For the second question, consider the following 2 processes:

• Process 1: (Polya's urn) Start with an urn with 1 white and 1 black ball. Repeatedly draw a ball from the urn and return it to the urn, together with another ball of the same color.
• Process 2: Let $U$ be a random variable which is uniformly distributed in $[0,1]$, and start by picking a random probability $p\sim U$. Then repeatedly flip a coin whose probability of heads is $p$, and at each flip, draw a white ball if the coin is heads, and a black ball if it is tails.

After any given sequence $T$ of balls has been drawn, we can compute the probability, $p_T$, of drawing another white ball.
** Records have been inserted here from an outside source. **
Lemma side_intersection_on_perspectrix (a b c u t s1 s2 : R) (X : pt) :
  0 < a -> 0 < b -> c ^ 2 = a ^ 2 - b ^ 2 ->
  cusp_param u t -> cusp_param u s1 -> cusp_param u s2 ->
  cos (t - s1) = - (1 / 2) -> cos (t - s2) = - (1 / 2) ->
  not_parallel (Pe a b s1) (Pe a b s2) (Defs.Delta a b c u s1) (Defs.Delta a b c u s2) ->
  on_line X (Pe a b s1) (Pe a b s2) ->
  on_line X (Defs.Delta a b c u s1) (Defs.Delta a b c u s2) ->
  dot (perspectrix_normal a b u) X = perspectrix_level a b c.
Proof.
  intros ha hb hc ht hs1 hs2 g1 g2 hpar hX hX'.
  destruct (not_parallel_distinct _ _ _ _ hpar) as [d d'].
  pose proof (ellipse_on_side a b t s1 ha hb g1) as p1.
  pose proof (ellipse_on_side a b t s2 ha hb g2) as p2.
  pose proof (cusp_on_side a b c u t s1 ha hb hc ht hs1 g1) as q1.
  pose proof (cusp_on_side a b c u t s2 ha hb hc ht hs2 g2) as q2.
  apply (concurrent_lines (side_normal a b t) (cusp_side_normal a b t) _
           side_level (cusp_side_level a b c t) _ X).
  - apply (normals_independent _ _ _ _ _ _
             (scaled_unit_nonzero (/ a) (/ b) t (Rinv_neq_0_compat a ltac:(lra))
                (Rinv_neq_0_compat b ltac:(lra)))
             (scaled_unit_nonzero a (- b) t ltac:(lra) ltac:(lra))
             (eq_trans p1 (eq_sym p2)) (eq_trans q1 (eq_sym q2)) hpar).
  - exact (on_line_level _ _ _ _ X p1 p2 d hX).
  - exact (on_line_level _ _ _ _ X q1 q2 d' hX').
  - exact (sides_meet_on_perspectrix a b c u t ha hb hc ht).
Qed.

Definition ellipse_circumcenter (a b c u : R) : pt :=
  (c ^ 2 * cos u / (4 * a), - (c ^ 2 * sin u / (4 * b))).

(* C0 is at the same distance from P(s) for every cusp parameter s, because
   |C0 - P(s)|^2 = |C0|^2 - (c^2/2) cos (s + u) + a^2 cos^2 s + b^2 sin^2 s
   and cos (s + u) = cos 2s. *)
Lemma circumcenter_equidistant (a b c u s : R) :
  0 < a -> 0 < b -> c ^ 2 = a ^ 2 - b ^ 2 -> cusp_param u s ->
  sqdist (ellipse_circumcenter a b c u) (Pe a b s) =
    norm2 (ellipse_circumcenter a b c u) + b ^ 2 + c ^ 2 / 2.
Proof.
  intros ha hb hc hs.
  destruct (cusp_param_shift u s hs) as [hcs _].
  rewrite cos_plus, cos_2a_cos in hcs.
  transitivity (norm2 (ellipse_circumcenter a b c u)
                - c ^ 2 / 2 * (cos s * cos u - sin s * sin u)
                + a ^ 2 * cos s ^ 2 + b ^ 2 * sin s ^ 2);
    [unfold sqdist, norm2, dot, ellipse_circumcenter, Pe; cbn [fst snd]; field; lra |].
  rewrite hcs.
  replace (sin s ^ 2) with (1 - cos s ^ 2) by (pose proof (cos_sin_sq s); lra).
  rewrite hc; field.
Qed.

Lemma ellipse_circumcenter_nonzero (a b c u : R) :
  0 < a -> 0 < b -> 0 < c -> ellipse_circumcenter a b c u <> (0, 0).
Proof.
  intros ha hb hc h; unfold ellipse_circumcenter in h.
  pose proof (f_equal fst h) as h1; pose proof (f_equal snd h) as h2; cbn [fst snd] in h1, h2.
  assert (hcu : cos u = 0).
  { replace (cos u) with (c ^ 2 * cos u / (4 * a) * (4 * a / c ^ 2)) by (field; lra).
    rewrite h1; ring. }
  assert (hsu : sin u = 0).
  { replace (sin u) with (- (c ^ 2 * sin u / (4 * b)) * (- (4 * b / c ^ 2))) by (field; lra).
    rewrite h2; ring. }
  pose proof (cos_sin_sq u) as e; rewrite hcu, hsu in e; lra.
Qed.

(* Triangles inscribed in the ellipse whose parameters are equally spaced are the
   images of equilateral triangles under diag(a, b); their centroid is the center,
   since cos th + cos (th - w) + cos (th - 2w) = 0 when cos w = -1/2. *)
Lemma equispaced_centroid (a b th w : R) :
  cos w = - (1 / 2) ->
  centroid (Pe a b th) (Pe a b (th - w)) (Pe a b (th - 2 * w)) = (0, 0).
Proof.
  intro hw; unfold centroid, Pe; cbn [fst snd].
  rewrite !cos_minus, !sin_minus, cos_2a_cos, sin_2a, hw.
  f_equal; field.
Qed.

Lemma ellipse_chord_cross (a b r s t : R) :
  cross_dir (Pe a b r) (Pe a b s) (Pe a b r) (Pe a b t) =
    a * b * (sin (s - r) + sin (t - s) + sin (r - t)).
Proof. unfold cross_dir, Pe; cbn [fst snd]; rewrite !sin_minus; ring. Qed.

Lemma equispaced_nondegenerate (a b th w : R) :
  0 < a -> 0 < b -> cos w = - (1 / 2) -> 0 < sin w ->
  cross_dir (Pe a b th) (Pe a b (th - w)) (Pe a b th) (Pe a b (th - 2 * w)) <> 0.
Proof.
  intros ha hb hcw hsw.
  rewrite ellipse_chord_cross.
  replace (th - w - th) with (- w) by ring.
  replace (th - 2 * w - (th - w)) with (- w) by ring.
  replace (th - (th - 2 * w)) with (2 * w) by ring.
  rewrite sin_neg, sin_2a, hcw.
  assert (0 < a * b * sin w) by (repeat apply Rmult_lt_0_compat; lra).
  lra.
Qed.

Definition third_turn : R := 2 * (PI / 3).

Lemma cos_third_turn : cos third_turn = - (1 / 2).
Proof. unfold third_turn; rewrite cos_2PI3; field. Qed.

Lemma sin_third_turn_pos : 0 < sin third_turn.
Proof. unfold third_turn; apply sin_gt_0; pose proof PI_RGT_0; lra. Qed.

Lemma cos_two_third_turns : cos (2 * third_turn) = - (1 / 2).
Proof. rewrite cos_2a_cos, cos_third_turn; field. Qed.

Lemma tcusp_second (u : R) : tcusp u 2 = tcusp u 1 - third_turn.
Proof. unfold tcusp, third_turn; cbn [INR]; field. Qed.

Lemma tcusp_third (u : R) : tcusp u 3 = tcusp u 1 - 2 * third_turn.
Proof. unfold tcusp, third_turn; cbn [INR]; field. Qed.

(* Every t_i is a cusp parameter: 3 t_i + u = -2 pi (i - 1). *)
Lemma tcusp_cusp_param (u : R) (k : nat) : cusp_param u (tcusp u (S k)).
Proof.
  unfold cusp_param.
  replace (3 * tcusp u (S k) + u) with (- (0 + 2 * INR k * PI))
    by (unfold tcusp; rewrite S_INR; field).
  rewrite cos_neg, sin_neg, cos_period, sin_period, cos_0, sin_0; split; ring.
Qed.
Lemma coefV_scaleV (c : F) (X : V F) w : coefV (scaleV c X) w = c * coefV X w.
Proof. by rewrite /scaleV /coefV big_map mulr_sumr. Qed.

Definition shcoef (u v w : word) : F := coefV (qsh q u v) w.

Lemma coefV_sumV_star N (e : nat -> F) (f g : nat -> word) w :
  coefV (sumV N (fun k => scaleV (e k) (starV q (wordV (f k)) (wordV (g k))))) w
  = \sum_(0 <= k < N) e k * shcoef (f k) (g k) w.
Proof.
rewrite /sumV /coefV big_flatten /= big_map /index_iota subn0.
apply: eq_bigr => k _; rewrite big_map mulr_sumr /starV /wordV /= !cats0 big_map.
by apply: eq_bigr => p _; rewrite !mul1r.
Qed.

Lemma shcoef_nil_l v w : shcoef [::] v w = (v == w)%:R.
Proof. exact: coefV_wordV. Qed.

Lemma shcoef_nil_r u w : shcoef u [::] w = (u == w)%:R.
Proof. by case: u => [|a u]; apply: coefV_wordV. Qed.

Lemma shcoef_nil u v : shcoef u v [::] = (nilp u && nilp v)%:R.
Proof.
case: u => [|a u]; first by rewrite shcoef_nil_l; case: v.
case: v => [|b v]; first by rewrite shcoef_nil_r.
by rewrite /shcoef /= coefV_cat /coefV !big_map !big_pred0 ?addr0.
Qed.

Lemma shcoef_cons u v c w :
  shcoef u v (c :: w) =
    (ohead u == Some c)%:R * shcoef (behead u) v w
  + (ohead v == Some c)%:R * q ^ qwt u c * shcoef u (behead v) w.
Proof.
case: u => [|a u]; case: v => [|b v].
- by rewrite !shcoef_nil_l !mul0r addr0.
- rewrite !shcoef_nil_l /qwt big_nil expr0z mulr1 mul0r add0r /= eqseq_cons.
  by case: b; case: c; case: (v == w); rewrite /= ?mul1r ?mul0r.
- rewrite !shcoef_nil_r /= !mul0r addr0 eqseq_cons.
  by case: a; case: c; case: (u == w); rewrite /= ?mul1r ?mul0r.
rewrite /shcoef /= coefV_cat coefV_map_cons1 coefV_map_cons.
by case: a; case: b; case: c; rewrite /= ?mul0r.
Qed.

Ltac expand_shcoef :=
  rewrite shcoef_cons ?qwt_G ?qwt_Gt ?qwt_Wneg ?qwt_Wpos1 ?expr0z;
  rewrite ?G_succ ?Gt_succ ?Wneg_cons ?Wpos1_cons /= ?mul0r ?mul1r ?add0r ?addr0 ?mulr1.

Lemma shcoef_G_Gt k j c w : shcoef (G k) (Gt j) (c :: w) =
  if c then (if k is k'.+1 then shcoef (Wneg k') (Gt j) w else 0)
  else (if j is j'.+1 then shcoef (G k) (Wpos1 j') w else 0).
Proof. by case: c; case: k => [|k]; case: j => [|j]; expand_shcoef. Qed.

Lemma shcoef_Gt_G k j c w : shcoef (Gt k) (G j) (c :: w) =
  if c then (if j is j'.+1 then shcoef (Gt k) (Wneg j') w else 0)
  else (if k is k'.+1 then shcoef (Wpos1 k') (G j) w else 0).
Proof. by case: c; case: k => [|k]; case: j => [|j]; expand_shcoef. Qed.
(* Any conventional higher-order logic built on Combinatory ReFLect (CR) is inconsistent.
   Context: Combinatory ReFLect (CR) is defined as follows. Types: $\sigma ::= \mathsf{bool} \mid \mathsf{unit} \mid \mathsf{term} \mid \sigma_1 \to \sigma_2$. Terms: $e ::= \mathsf{I}_\sigma \mid \mathsf{K}_{\sigma,\tau} \mid \mathsf{S}_{\sigma,\tau,\upsilon} \mid \mathsf{value}_\sigma \mid \mathsf{lift} \mid \mathsf{app} \mid e_1\,e_2 \mid \ulcorner e\urcorner$, where $\ulcorner e\urcorner$ is the quotation of $e$. Typing rules: $\mathsf{I}_\sigma:\sigma\to\sigma$; $\mathsf{K}_{\sigma,\tau}:\sigma\to\tau\to\sigma$; $\mathsf{S}_{\sigma,\tau,\upsilon}:(\sigma\to\tau\to\upsilon)\to(\sigma\to\tau)\to\sigma\to\upsilon$; $\mathsf{value}_\sigma:\mathsf{term}\to\sigma$; $\mathsf{lift}:\mathsf{term}\to\mathsf{term}$; $\mathsf{app}:\mathsf{term}\to\mathsf{term}\to\mathsf{term}$; if $e_1:\sigma\to\tau$ and $e_2:\sigma$ then $e_1\,e_2:\tau$; if $e:\sigma$ then $\ulcorner e\urcorner:\mathsf{term}$. Reduction rules: $\mathsf{I}_\sigma\,e\Rightarrow e$; $\mathsf{K}_{\sigma,\tau}\,e_1\,e_2\Rightarrow e_1$; $\mathsf{S}_{\sigma,\tau,\upsilon}\,e_1\,e_2\,e_3\Rightarrow e_1\,e_3\,(e_2\,e_3)$; if $e:\sigma$ then $\mathsf{value}_\sigma\,\ulcorner e\urcorner\Rightarrow e$; $\mathsf{lift}\,\ulcorner s\urcorner\Rightarrow\ulcorner\ulcorner s\urcorner\urcorner$; if $e_1\,e_2$ is well typed then $\mathsf{app}\,\ulcorner e_1\urcorner\,\ulcorner e_2\urcorner\Rightarrow\ulcorner e_1\,e_2\urcorner$. A conventional higher-order logic built on CR is one formulated in the style of Church's simple theory of types / the HOL logic, but with CR (extended by the usual logical constants, including equality and negation $\neg:\mathsf{bool}\to\mathsf{bool}$, typed by the same type system) in place of the simply typed $\lambda$-calculus: its terms of type $\mathsf{bool}$ are formulas, provable equality is reflexive, symmetric, transitive and closed under congruence, every instance of a reduction rule $e\Rightarrow e'$ yields a theorem $\vdash e=e'$, and it has the usual classical rules for negation (so that a proof of $\vdash p = \neg p$ for a formula $p$ yields a contradiction). Inconsistent means that a contradiction (every formula, in particular falsity) is provable. *)

Inductive ty : Type :=
| TBool : ty
| TUnit : ty
| TTerm : ty
| TArr : ty -> ty -> ty.

(* Terms of CR, extended by the logical constants of the logic:
   equality (at every type), negation, an arbitrary further family of
   logical constants [Cst c] (typed by a given assignment), and typed
   variables (as in Church's simple theory of types). *)
Inductive tm (LC : Type) : Type :=
| I_ : ty -> tm LC
| K_ : ty -> ty -> tm LC
| S_ : ty -> ty -> ty -> tm LC
| Value : ty -> tm LC
| Lift : tm LC
| AppC : tm LC
| Ap : tm LC -> tm LC -> tm LC
| Quote : tm LC -> tm LC
| Eq : ty -> tm LC
| Neg : tm LC
| Cst : LC -> tm LC
| Var : nat -> ty -> tm LC.

Arguments I_ {LC}. Arguments K_ {LC}. Arguments S_ {LC}. Arguments Value {LC}.
Arguments Lift {LC}. Arguments AppC {LC}. Arguments Ap {LC}. Arguments Quote {LC}.
Arguments Eq {LC}. Arguments Neg {LC}. Arguments Cst {LC}. Arguments Var {LC}.

Section CR.
Variable LC : Type.
Variable ctype : LC -> ty.

Inductive has_type : tm LC -> ty -> Prop :=
| T_I : forall s, has_type (I_ s) (TArr s s)
| T_K : forall s t, has_type (K_ s t) (TArr s (TArr t s))
| T_S : forall s t u,
    has_type (S_ s t u)
      (TArr (TArr s (TArr t u)) (TArr (TArr s t) (TArr s u)))
| T_Value : forall s, has_type (Value s) (TArr TTerm s)
| T_Lift : has_type Lift (TArr TTerm TTerm)
| T_AppC : has_type AppC (TArr TTerm (TArr TTerm TTerm))
| T_Ap : forall e1 e2 s t,
    has_type e1 (TArr s t) -> has_type e2 s -> has_type (Ap e1 e2) t
| T_Quote : forall e s, has_type e s -> has_type (Quote e) TTerm
| T_Eq : forall s, has_type (Eq s) (TArr s (TArr s TBool))
| T_Neg : has_type Neg (TArr TBool TBool)
| T_Cst : forall c, has_type (Cst c) (ctype c)
| T_Var : forall n s, has_type (Var n s) s.

Definition well_typed (e : tm LC) : Prop := exists s, has_type e s.

Inductive red : tm LC -> tm LC -> Prop :=
| R_I : forall s e, red (Ap (I_ s) e) e
| R_K : forall s t e1 e2, red (Ap (Ap (K_ s t) e1) e2) e1
| R_S : forall s t u e1 e2 e3,
    red (Ap (Ap (Ap (S_ s t u) e1) e2) e3) (Ap (Ap e1 e3) (Ap e2 e3))
| R_Value : forall s e, has_type e s -> red (Ap (Value s) (Quote e)) e
| R_Lift : forall e, red (Ap Lift (Quote e)) (Quote (Quote e))
| R_App : forall e1 e2, well_typed (Ap e1 e2) ->
    red (Ap (Ap AppC (Quote e1)) (Quote e2)) (Quote (Ap e1 e2)).

Definition eqf (s : ty) (a b : tm LC) : tm LC := Ap (Ap (Eq s) a) b.

Record conventional_HOL : Type := {
  Prov : tm LC -> Prop;
  prov_refl : forall s a, has_type a s -> Prov (eqf s a a);
  prov_sym : forall s a b, Prov (eqf s a b) -> Prov (eqf s b a);
  prov_trans : forall s a b c,
      Prov (eqf s a b) -> Prov (eqf s b c) -> Prov (eqf s a c);
  prov_cong : forall s t f g a b,
      has_type f (TArr s t) -> has_type g (TArr s t) ->
      has_type a s -> has_type b s ->
      Prov (eqf (TArr s t) f g) -> Prov (eqf s a b) ->
      Prov (eqf t (Ap f a) (Ap g b));
  prov_red : forall s e e', has_type e s -> red e e' -> Prov (eqf s e e');
  (* classical negation: a proof of p = ~p yields a contradiction,
     i.e. every formula becomes provable *)
  prov_neg_contra : forall p, has_type p TBool ->
      Prov (eqf TBool p (Ap Neg p)) ->
      forall q, has_type q TBool -> Prov q
}.

End CR.

Arguments Prov {LC ctype}.

(* The combinator [D := S (K not) (S (K value) (S app lift))] satisfies
   [D t = not (value (app t (lift t)))]; applied to its own quotation it
   rebuilds, by reduction, the quoted term [D (quote D)] and then unquotes
   it, so [D (quote D) = not (D (quote D))] is provable: a Liar sentence.
   The same construction gives a fixed point of every [h : s -> s]. *)

Section Inconsistency.
Variable LC : Type.
Variable ctype : LC -> ty.
Variable L : conventional_HOL LC ctype.

Notation has_type := (has_type LC ctype).
Notation Prov := (Prov L).
Notation eqf := (eqf LC).

Ltac typecheck := repeat (eassumption || econstructor).

Lemma prov_congr s t f a b :
  has_type f (TArr s t) -> has_type a s -> has_type b s ->
  Prov (eqf s a b) -> Prov (eqf t (Ap f a) (Ap f b)).
Proof.
  intros Hf Ha Hb Hab.
  apply (prov_cong _ _ L s t f f a b); auto.
  apply (prov_refl _ _ L); exact Hf.
Qed.

Lemma prov_congl s t f g a :
  has_type f (TArr s t) -> has_type g (TArr s t) -> has_type a s ->
  Prov (eqf (TArr s t) f g) -> Prov (eqf t (Ap f a) (Ap g a)).
Proof.
  intros Hf Hg Ha Hfg.
  apply (prov_cong _ _ L s t f g a a); auto.
  apply (prov_refl _ _ L); exact Ha.
Qed.

Definition comp (s t u : ty) (h g : tm LC) : tm LC :=
  Ap (Ap (S_ s t u) (Ap (K_ (TArr t u) s) h)) g.

Lemma comp_type s t u h g :
  has_type h (TArr t u) -> has_type g (TArr s t) ->
  has_type (comp s t u h g) (TArr s u).
Proof. intros; unfold comp; typecheck. Qed.

Lemma prov_comp s t u h g a :
  has_type h (TArr t u) -> has_type g (TArr s t) -> has_type a s ->
  Prov (eqf u (Ap (comp s t u h g) a) (Ap h (Ap g a))).
Proof.
  intros Hh Hg Ha.
  apply (prov_trans _ _ L u _ (Ap (Ap (Ap (K_ (TArr t u) s) h) a) (Ap g a))).
  - apply (prov_red _ _ L); [typecheck | apply R_S].
  - apply prov_congl with (s := t); try typecheck.
    apply (prov_red _ _ L); [typecheck | apply R_K].
Qed.

Definition diag : tm LC := Ap (Ap (S_ TTerm TTerm TTerm) AppC) Lift.

Lemma diag_type : has_type diag (TArr TTerm TTerm).
Proof. unfold diag; typecheck. Qed.

Lemma prov_diag_quote e s :
  has_type e (TArr TTerm s) ->
  Prov (eqf TTerm (Ap diag (Quote e)) (Quote (Ap e (Quote e)))).
Proof.
  intros He.
  apply (prov_trans _ _ L TTerm _ (Ap (Ap AppC (Quote e)) (Ap Lift (Quote e)))).
  - apply (prov_red _ _ L); [unfold diag; typecheck | apply R_S].
  - apply (prov_trans _ _ L TTerm _ (Ap (Ap AppC (Quote e)) (Quote (Quote e)))).
    + apply prov_congr with (s := TTerm); try typecheck.
      apply (prov_red _ _ L); [typecheck | apply R_Lift].
    + apply (prov_red _ _ L); [typecheck | apply R_App].
      exists s; typecheck.
Qed.

Definition fixer (s : ty) (h : tm LC) : tm LC :=
  comp TTerm s s h (comp TTerm TTerm s (Value s) diag).

Lemma fixer_type s h :
  has_type h (TArr s s) -> has_type (fixer s h) (TArr TTerm s).
Proof.
  intros Hh; apply comp_type; [exact Hh|].
  apply comp_type; [typecheck | exact diag_type].
Qed.

Definition fixpoint (s : ty) (h : tm LC) : tm LC :=
  Ap (fixer s h) (Quote (fixer s h)).

Lemma fixpoint_type s h :
  has_type h (TArr s s) -> has_type (fixpoint s h) s.
Proof.
  intros Hh; pose proof (fixer_type s h Hh); unfold fixpoint; typecheck.
Qed.

Theorem prov_fixpoint s h :
  has_type h (TArr s s) ->
  Prov (eqf s (fixpoint s h) (Ap h (fixpoint s h))).
Proof.
  intros Hh.
  pose proof (fixer_type s h Hh) as HF.
  pose proof (fixpoint_type s h Hh) as HX.
  pose proof diag_type as Hdiag.
  set (F := fixer s h) in *.
  assert (HV : has_type (Value s) (TArr TTerm s)) by typecheck.
  assert (HG : has_type (comp TTerm TTerm s (Value s) diag) (TArr TTerm s))
    by (apply comp_type; assumption).
  apply (prov_trans _ _ L s _
           (Ap h (Ap (comp TTerm TTerm s (Value s) diag) (Quote F)))).
  - apply prov_comp; typecheck.
  - apply prov_congr with (s := s); try typecheck.
    apply (prov_trans _ _ L s _ (Ap (Value s) (Ap diag (Quote F)))).
    + apply prov_comp; typecheck.
    + apply (prov_trans _ _ L s _ (Ap (Value s) (Quote (fixpoint s h)))).
      * apply prov_congr with (s := TTerm); try typecheck.
        apply prov_diag_quote with (s := s); exact HF.
      * apply (prov_red _ _ L); [typecheck | apply R_Value; exact HX].
Qed.

End Inconsistency.

Theorem corollary1 :
  forall (LC : Type) (ctype : LC -> ty) (L : conventional_HOL LC ctype)
         (q : tm LC), has_type LC ctype q TBool -> Prov L q.
Proof.
  intros LC ctype L q Hq.
  assert (Hneg : has_type LC ctype Neg (TArr TBool TBool)) by constructor.
  apply (prov_neg_contra _ _ L (fixpoint LC TBool Neg)).
  - exact (fixpoint_type LC ctype TBool Neg Hneg).
  - exact (prov_fixpoint LC ctype L TBool Neg Hneg).
  - exact Hq.
Qed.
In Polya's urn, this probability obviously depends only on the number of white and black balls in $T$; if there are $k$ white and $n-k$ black balls in $T$, then the urn will now contain $k+1$ white and $n-k+1$ black balls, so $$p_T=\frac{k+1}{n+2}.$$ In Process 2, we can again use Bayes' Theorem. Letting $W$ be the event that the next ball drawn is white, $$ p_T={\Bbb P}(W|T)=\frac{{\Bbb P}(W\ \hbox{and}\ T)}{{\Bbb P}(T)}= \frac{{\Bbb E}({\Bbb P}(W\ \hbox{and}\ T|U))}{{\Bbb E}({\Bbb P}(T|U))}.\qquad(4)$$ However, given that $U=p$, the probability that we draw $T$ is just $p^k (1-p)^{n-k}$, and the probability that we draw $T$ followed by another white ball is $p^{k+1} (1-p)^{n-k}$. Substituting this into (4), $$ p_T={\Bbb P}(W|T)=\frac{ \int_{0\le p\le 1} p^{k+1} (1-p)^{n-k} \, dp } { \int_{0\le p\le 1} p^k (1-p)^{n-k} \, dp }=\frac{k+1}{n+2}. $$ This is another form of Laplace's rule of succession: given an event with unknown probability $p$, if we assume a uniform prior and $k$ successes out of $n$ independent trials, then the mean posterior value of $p$ is $\frac{k+1}{n+2}$.

Notice that both processes gave the same value of $p_T$, so these two processes give statistically indistinguishable sequences of balls, in the sense that they give the same sequences of observations with the same probability. But in Process 2, by the SLLN, the proportion of white balls drawn approaches $p$ a.s., and $p\sim U$. Therefore, the same is true for Process 1: In Polya's urn, the proportion of white balls drawn approaches a limit a.s., and this limit is uniformly distributed on $[0,1]$.